Attertion needs to be proceed as follows:

For the smell of symbols, we don’t consider Multi-HEAD situations, the following ideas can be applied directly.

We know that you can approximate any continuous function by radial basis functions:

Now, us\(t_i = \frac{i}{L}\)ie\(L\)TOKENS crown in timing,\(X\)Each column can be seen as a special\(f_j(t)\)\(t_i, i=0,1,\cdots, L-1\)The value is at.

Given\(N\)Substrate function\(\psi_k (t), k=0,1,\cdots, N-1\)We want to solve the coefficient\(\bm{b}_j = [b_{j0}, b_{j1},\cdots b_{j,N-1}]^T\)Come approach\(f_j\)(\(X\)\(j\)Column).

\(\Psi \in \mathbb{R}^{N \times L}, \Psi_{ki}=\psi_{k}(t_i)\), \(B \in \mathbb{R}^{d \times N}, B_{jk} = b_{jk}\).

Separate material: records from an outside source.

Lemma size_run t x (s : seq step) : size (run t x s) = size s.
Proof. by elim: s t x => //= aw s IH t x; rewrite IH. Qed.

Lemma run_cat t x (s1 s2 : seq step) :
  run t x (s1 ++ s2) = run t x s1 ++ run (t + size s1) (end_state t x s1) s2.
Proof.
elim: s1 t x => [|aw s1 IH] t x /=; first by rewrite addn0.
by rewrite IH addSnnS.
Qed.

Lemma steps_prob_cat A t x hs (s1 s2 : seq step) :
  steps_prob A t x hs (s1 ++ s2) =
  steps_prob A t x hs s1 *
  steps_prob A (t + size s1) (end_state t x s1) (cat_hists hs (run_infos t x s1)) s2.
Proof.
elim: s1 t x hs => [|aw s1 IH] t x hs /=.
  rewrite mul1r addn0; congr (steps_prob _ _ _ _ _).
  by apply: functional_extensionality_dep => j; rewrite /cat_hists cats0; case: (hs j).
rewrite IH -!mulrA addSnnS; congr (_ * (_ * (_ * steps_prob _ _ _ _ _))).
by apply: functional_extensionality_dep => j; rewrite /cat_hists /run_infos /= cat_rcons.
Qed.

Lemma steps_probE A t0 x hs (s : seq step) d :
  steps_prob A t0 x hs s = \prod_(t < size s)
    ((\prod_j A j (t0 + t)%N ((hs j).1, (hs j).2 ++ take t (run_infos t0 x s j))
                 ((nth d s t).1 j))
     * PW G (t0 + t)%N (nth d s t).2).
Proof.
elim: s t0 x hs => [|aw s IH] t0 x hs /=; first by rewrite big_ord0.
rewrite big_ord_recl /= IH addn0; congr (_ * _ * _).
  by apply: eq_bigr => j _; rewrite cats0; case: (hs j).
apply: eq_bigr => t _; rewrite /bump /= add1n addSnnS; congr (_ * _).
by apply: eq_bigr => j _; rewrite /run_infos /= cat_rcons.
Qed.

Lemma path_probE A p :
  path_prob A p = P0 G p.1.1 p.1.2 * steps_prob A 0 p.1.1 (init_hists p.1.2) p.2.
Proof.
rewrite /path_prob; congr (_ * _); case: p => [[x0 h0] s] /=.
have [d _|no_step] := pickP (fun _ : step => true); last first.
  rewrite big1; last by move=> t _; have := no_step (tnth s t).
  by case: (tval s) => [|aw ?] //=; have := no_step aw.
rewrite (steps_probE _ _ _ _ _ d) /= size_tuple.
by apply: eq_bigr => t _; rewrite /act_at (tnth_nth d).
Qed.

Lemma valid_strategy_at (j : player G) (s : strategy j) t (hs : hist_seq j) :
  valid_strategy s -> (t < T)%N -> size hs.2 = t ->
  [/\ forall u, 0 <= s t hs u, forall u, u \notin avail G t j -> s t hs u = 0 &
      \sum_u s t hs u = 1].
Proof.
case: hs => h0 zs /= V lt_tT size_zs; have size_zs_eq : size zs == t by rewrite size_zs.
exact: (V t lt_tT (h0, Tuple size_zs_eq)).
Qed.

Lemma sum_steps_prob A : valid_profile A ->
  forall n t x hs, (t + n <= T)%N -> (forall j, size (hs j).2 = t) ->
  \sum_(s : n.-tuple step) steps_prob A t x hs s = 1.
Proof.
move=> VA; elim=> [|n IH] t x hs le_tnT size_hs; first by rewrite sum_tuple0.
have lt_tT : (t < T)%N by rewrite (leq_trans _ le_tnT) // -addSnnS leq_addr.
rewrite (sum_tupleS _ (steps_prob A t x hs)) /=.
transitivity (\sum_(aw : step) (\prod_j A j t (hs j) (aw.1 j)) * PW G t aw.2).
  apply: eq_bigr => aw _; rewrite -big_distrr /= IH ?mulr1 ?addSnnS //.
  by move=> j /=; rewrite size_rcons size_hs.
rewrite -(pair_bigA _ (fun (a : jact G) w => (\prod_j A j t (hs j) (a j)) * PW G t w)) /=.
under eq_bigr do rewrite -big_distrr /= (proj2 (PW_distr lt_tT)) mulr1.
rewrite (sum_dffun_prod (fun j b => A j t (hs j) b)).
by apply: big1 => j _; case: (valid_strategy_at (VA j) lt_tT (size_hs j)).
Qed.

Lemma size_outs p : size (outs p) = T.
Proof. by rewrite /outs size_run size_tuple. Qed.

Lemma path_prob_ge0 A p : valid_profile A -> 0 <= path_prob A p.
Proof.
move=> VA; rewrite /path_prob mulr_ge0 //; apply: prodr_ge0 => t _.
rewrite mulr_ge0 ?(proj1 (PW_distr (ltn_ord t))) //; apply: prodr_ge0 => j _.
have size_hist : size (hist_at p j t).2 = t.
  by rewrite /hist_at /= size_takel // size_map size_outs ltnW.
by case: (valid_strategy_at (VA j) (ltn_ord t) size_hist).
Qed.

Definition prefix_state m p := end_state 0 p.1.1 (take m p.2).
Definition prefix_hists m p : hists :=
  cat_hists (init_hists p.1.2) (run_infos 0 p.1.1 (take m p.2)).
Definition suffix_mean A m x hs (Z : seq step -> R) :=
  \sum_(s : (T - m).-tuple step) steps_prob A m x hs s * Z s.

Lemma suffix_meanZ A m x hs c Z :
  suffix_mean A m x hs (fun s => c * Z s) = c * suffix_mean A m x hs Z.
Proof. by rewrite /suffix_mean big_distrr; apply: eq_bigr => s _; rewrite mulrCA. Qed.

Lemma size_init_run_hists h0 x (s : seq step) j :
  size (cat_hists (init_hists h0) (run_infos 0 x s) j).2 = size s.
Proof. by rewrite /cat_hists /run_infos /= size_map size_run. Qed.

Lemma sum_path_split A m (Z : state G * jinit G -> seq step -> seq step -> R) :
  (m <= T)%N ->
  \sum_p path_prob A p * Z p.1 (take m p.2) (drop m p.2) =
  \sum_(xh : state G * jinit G) \sum_(s1 : m.-tuple step)
     P0 G xh.1 xh.2 * steps_prob A 0 xh.1 (init_hists xh.2) s1 *
     suffix_mean A m (end_state 0 xh.1 s1)
       (cat_hists (init_hists xh.2) (run_infos 0 xh.1 s1)) (Z xh s1).
Proof.
move=> le_mT; rewrite sum_pair; apply: eq_bigr => -[x0 h0] _ /=.
under eq_bigr do rewrite path_probE /=.
rewrite (@sum_tuple_cat _ _ _ m (T - m) (fun s => P0 G x0 h0 *
  steps_prob A 0 x0 (init_hists h0) s * Z (x0, h0) (take m s) (drop m s))) ?subnKC //.
apply: eq_bigr => s1 _; rewrite /suffix_mean big_distrr /=; apply: eq_bigr => s2 _.
rewrite take_size_cat ?size_tuple // drop_size_cat ?size_tuple //.
by rewrite steps_prob_cat size_tuple add0n !mulrA.
Qed.

Lemma steps_prob_agree A B t x hs (s : seq step) :
  (forall j t', (t <= t')%N -> (t' < t + size s)%N -> A j t' = B j t') ->
  steps_prob A t x hs s = steps_prob B t x hs s.
Proof.
elim: s t x hs => [|aw s IH] t x hs AB //=.
congr (_ * _ * _); first by apply: eq_bigr => j _; rewrite AB // addnS ltnS leq_addr.
apply: IH => j t' lt_t_t' lt_t'; apply: AB; first exact: ltnW.
by rewrite /= addnS -addSn.
Qed.

Lemma Pr_prefix_agree A B m (E : pred (gpath G))
    (Ep : state G * jinit G -> seq step -> bool) :
  valid_profile A -> valid_profile B -> (m <= T)%N ->
  (forall p, E p = Ep p.1 (take m p.2)) ->
  (forall j t, (t < m)%N -> A j t = B j t) ->
  Pr A E = Pr B E.
Proof.
move=> VA VB le_mT HE AB.
have PrE C : valid_profile C -> Pr C E = \sum_(xh : state G * jinit G)
    \sum_(s1 : m.-tuple step) P0 G xh.1 xh.2 * steps_prob C 0 xh.1 (init_hists xh.2) s1 *
    (Ep xh s1)%:R.
  move=> VC; rewrite /Pr big_mkcond.
  transitivity (\sum_p path_prob C p * (Ep p.1 (take m p.2))%:R).
    by apply: eq_bigr => p _; rewrite HE; case: ifP; rewrite ?mulr1 ?mulr0.
  rewrite (sum_path_split C (fun xh s1 _ => (Ep xh s1)%:R)) //.
  apply: eq_bigr => xh _; apply: eq_bigr => s1 _.
  rewrite /suffix_mean -big_distrl /= sum_steps_prob ?subnKC ?mul1r // => j.
  by rewrite size_init_run_hists size_tuple.
rewrite (PrE A VA) (PrE B VB); apply: eq_bigr => xh _; apply: eq_bigr => s1 _.
by rewrite (steps_prob_agree (B := B)) // => j t _; rewrite size_tuple add0n; apply: AB.
Qed.

Lemma outs_split m p : (m <= T)%N ->
  outs p = run 0 p.1.1 (take m p.2) ++ run m (prefix_state m p) (drop m p.2).
Proof.
move=> le_mT; rewrite /outs -{1}(cat_take_drop m (tval p.2)) run_cat.
by rewrite size_takel // size_tuple.
Qed.

Lemma st_at_prefix (t : 'I_T) p : st_at p t = prefix_state t p.
Proof.
rewrite /st_at (outs_split p (ltnW (ltn_ord t))) map_cat nth_cat size_map size_run.
by rewrite size_takel ?size_tuple ?(ltnW (ltn_ord t)) // ltnn subnn drop_tnth.
Qed.

Lemma hist_at_prefix m p j : (m <= T)%N -> hist_at p j m = prefix_hists m p j.
Proof.
move=> le_mT; rewrite /hist_at /prefix_hists /cat_hists /init_hists /run_infos /=.
by rewrite (outs_split p le_mT) map_cat take_size_cat // size_map size_run size_takel ?size_tuple.
Qed.

Lemma size_prefix_hists m p j : (m <= T)%N -> size (prefix_hists m p j).2 = m.
Proof.
by move=> le_mT; rewrite size_init_run_hists size_takel ?size_tuple.
Qed.

Lemma rew_at_suffix (tau : 'I_T) p j t : (tau <= t)%N ->
  rew_at p j t =
  nth 0 [seq o_r o j | o <- run tau (prefix_state tau p) (drop tau p.2)] (t - tau).
Proof.
move=> le_tau_t; rewrite /rew_at (outs_split p (ltnW (ltn_ord tau))) map_cat nth_cat.
by rewrite size_map size_run size_takel ?size_tuple ?(ltnW (ltn_ord tau)) // ltnNge le_tau_t.
Qed.

Lemma hseq_inj j t : injective (@hseq R G j t).
Proof. by move=> [a s] [b s'] /= [-> /val_inj ->]. Qed.

Lemma exists_hist_at p j t : (t <= T)%N ->
  exists hj : hist j t, hist_at p j t == hseq hj.
Proof.
move=> le_tT; have size_zs : size (take t [seq o_z o j | o <- outs p]) == t.
  by rewrite size_takel // size_map size_outs.
by exists (p.1.2 j, Tuple size_zs).
Qed.

Lemma run_reward_norm_le j (s : seq step) t0 x k : (t0 + size s <= T)%N ->
  `|nth 0 [seq o_r o j | o <- run t0 x s] k| <= 1.
Proof.
elim: s t0 x k => [|aw s IH] t0 x [|k] /= le_T; rewrite ?nth_nil ?normr0 ?ler01 //.
  by rewrite ler_norml reward_bounded // (leq_trans _ le_T) // addnS ltnS leq_addr.
by apply: IH; rewrite addSnnS.
Qed.

Lemma rew_at_norm_le p j t : `|rew_at p j t| <= 1.
Proof. by apply: run_reward_norm_le; rewrite add0n size_tuple. Qed.

Lemma CE_norm_le A (E : pred (gpath G)) (Y : gpath G -> R) M : valid_profile A ->
  0 <= M -> (forall p, `|Y p| <= M) -> `|CE A E Y| <= M.
Proof.
move=> VA M_ge0 Y_le; rewrite /CE.
have Pr_ge0 : 0 <= Pr A E by apply: sumr_ge0 => p _; exact: path_prob_ge0.
have [->|Pr_neq0] := eqVneq (Pr A E) 0; first by rewrite invr0 mulr0 normr0.
have Pr_gt0 : 0 < Pr A E by rewrite lt_def Pr_neq0.
rewrite normrM normfV (ger0_norm Pr_ge0) ler_pdivrMr // (le_trans (ler_norm_sum _ _ _)) //.
rewrite /Pr big_distrr /=; apply: ler_sum => p _.
by rewrite normrM (ger0_norm (path_prob_ge0 _ VA)) mulrC ler_wpM2r ?path_prob_ge0.
Qed.

Lemma valid_merge_prof (i : player G) (gi g : profile G) : valid_strategy (gi i) ->
  (forall j, j != i -> valid_strategy (g j)) -> valid_profile (merge_prof i gi g).
Proof. by move=> Vi Vg j; rewrite /merge_prof; have [->|/Vg] := eqVneq j i. Qed.

Lemma valid_splice (j : player G) t (s1 s2 : strategy j) :
  valid_strategy s1 -> valid_strategy s2 -> valid_strategy (splice t s1 s2).
Proof. by move=> V1 V2 t' lt_t'T hs; rewrite /splice; case: ifP => _; [exact: V1|exact: V2]. Qed.

Lemma merge_prof_self (i : player G) (gi g : profile G) : @merge_prof _ _ i gi g i = gi i.
Proof. by rewrite /merge_prof eqxx. Qed.

Lemma merge_prof_others (i j : player G) (gi g : profile G) :
  j != i -> @merge_prof _ _ i gi g j = g j.
Proof. by rewrite /merge_prof => /negbTE ->. Qed.

Section Atoms.
Variables (i : player G) (tau : 'I_T) (u : action G i).
Implicit Types (h : hist i tau) (ho : others_hist i tau).

Let le_tau_T : (tau <= T)%N := ltnW (ltn_ord tau).

Definition atom x h ho : pred (gpath G) :=
  fun p => [&& st_at p tau == x, hist_at p i tau == hseq h &
               [forall j, hist_at p (val j) tau == hseq (ho j)]].

Definition others_at p : others_hist i tau :=
  [ffun j => xchoose (exists_hist_at p (val j) le_tau_T)].

Lemma others_atP p ho :
  [forall j, hist_at p (val j) tau == hseq (ho j)] = (ho == others_at p).
Proof.
have chosen (j : {j | j != i}) := xchooseP (exists_hist_at p (val j) le_tau_T).
apply/forallP/eqP => [ho_at|-> j]; last by rewrite ffunE chosen.
by apply/ffunP => j; apply: hseq_inj; rewrite ffunE -(eqP (chosen j)) -(eqP (ho_at j)).
Qed.

Lemma sum_event_atoms h (F : gpath G -> R) :
  \sum_(p | event h u p) F p =
  \sum_(x : state G) \sum_(ho : others_hist i tau)
     \sum_(p | atom x h ho p && (act_at p tau i == u)) F p.
Proof.
transitivity (\sum_p \sum_(x : state G) \sum_(ho : others_hist i tau)
    (if atom x h ho p && (act_at p tau i == u) then F p else 0)); last first.
  rewrite exchange_big; apply: eq_bigr => x _.
  by rewrite exchange_big; apply: eq_bigr => ho _; rewrite [RHS]big_mkcond.
rewrite big_mkcond; apply: eq_bigr => p _.
rewrite (bigD1 (st_at p tau)) //= [X in _ + X]big1 ?addr0; last first.
  by move=> x /negbTE x_neq; rewrite big1 // => ho _; rewrite /atom eq_sym x_neq.
rewrite (bigD1 (others_at p)) //= [X in _ + X]big1 ?addr0; last first.
  by move=> ho /negbTE ho_neq; rewrite /atom others_atP ho_neq !andbF.
by rewrite /atom /event eqxx others_atP eqxx andbT.
Qed.

Lemma atomE x h ho (p0 p : gpath G) : atom x h ho p0 ->
  atom x h ho p =
  (prefix_state tau p == x) && [forall j, prefix_hists tau p j == prefix_hists tau p0 j].
Proof.
case/and3P => _ /eqP h_at /forallP ho_at.
rewrite /atom st_at_prefix !hist_at_prefix // -h_at hist_at_prefix //.
have -> : [forall j, hist_at p (val j) tau == hseq (ho j)] =
          [forall j : {j | j != i}, prefix_hists tau p (val j) == prefix_hists tau p0 (val j)].
  by apply: eq_forallb => j; rewrite -(eqP (ho_at j)) !hist_at_prefix.
congr andb; apply/andP/forallP => [[/eqP hs_i /forallP hs_others] j|hs_eq].
  by have [->|ne] := eqVneq j i; [rewrite hs_i | exact: (hs_others (exist _ j ne))].
by split; [exact: hs_eq | apply/forallP => j; exact: hs_eq].
Qed.

Lemma prefix_hists_atom x h ho (p0 : gpath G) :
  atom x h ho p0 -> prefix_hists tau p0 i = hseq h.
Proof. by case/and3P => _ /eqP <- _; rewrite hist_at_prefix. Qed.

Lemma prefix_hists_atom_others x h h' ho (p0 q0 : gpath G) :
  atom x h ho p0 -> atom x h' ho q0 ->
  forall j, j != i -> prefix_hists tau p0 j = prefix_hists tau q0 j.
Proof.
case/and3P => _ _ /forallP ho_p0; case/and3P => _ _ /forallP ho_q0 j ne.
rewrite -!hist_at_prefix //.
by rewrite (eqP (ho_p0 (exist _ j ne))) (eqP (ho_q0 (exist _ j ne))).
Qed.

Definition prefix_prob A x hs : R :=
  \sum_(xh : state G * jinit G) \sum_(s1 : tau.-tuple step)
    P0 G xh.1 xh.2 * steps_prob A 0 xh.1 (init_hists xh.2) s1 *
    ((end_state 0 xh.1 s1 == x) &&
     [forall j, cat_hists (init_hists xh.2) (run_infos 0 xh.1 s1) j == hs j])%:R.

The author will solve the coefficient through the ridge return\(b\):

It shows the expression:

Now we use\(\tilde{X} := \Psi^T B^T\)\(X\)

Note that we are not right\(Q\)Replace, because this is just used as long-term records, Q Each recalculates.

For each\(q_i\)We build a\(t\)Density function\(p_i(t)\)The text is assumed to meet the Gaussian distribution:

\(\mu_i, \sigma_i^2\)Estimates below:

Pay attention to the last order\(w^T\Psi^T = w^T\)Since\(\Psi\)is determined in advance.

We know

Actually solved is a discretization\(p_i(t)\)\(q_i\)and\(k_j\)The level of completion, and

In fact, it is solving expectations.

Now we have a continuous\(p_i(t)\)You can also get the last one in this way.\(z_i\):

When we take\(\psi\)When the Gaussian radial basis function, the above is displayed.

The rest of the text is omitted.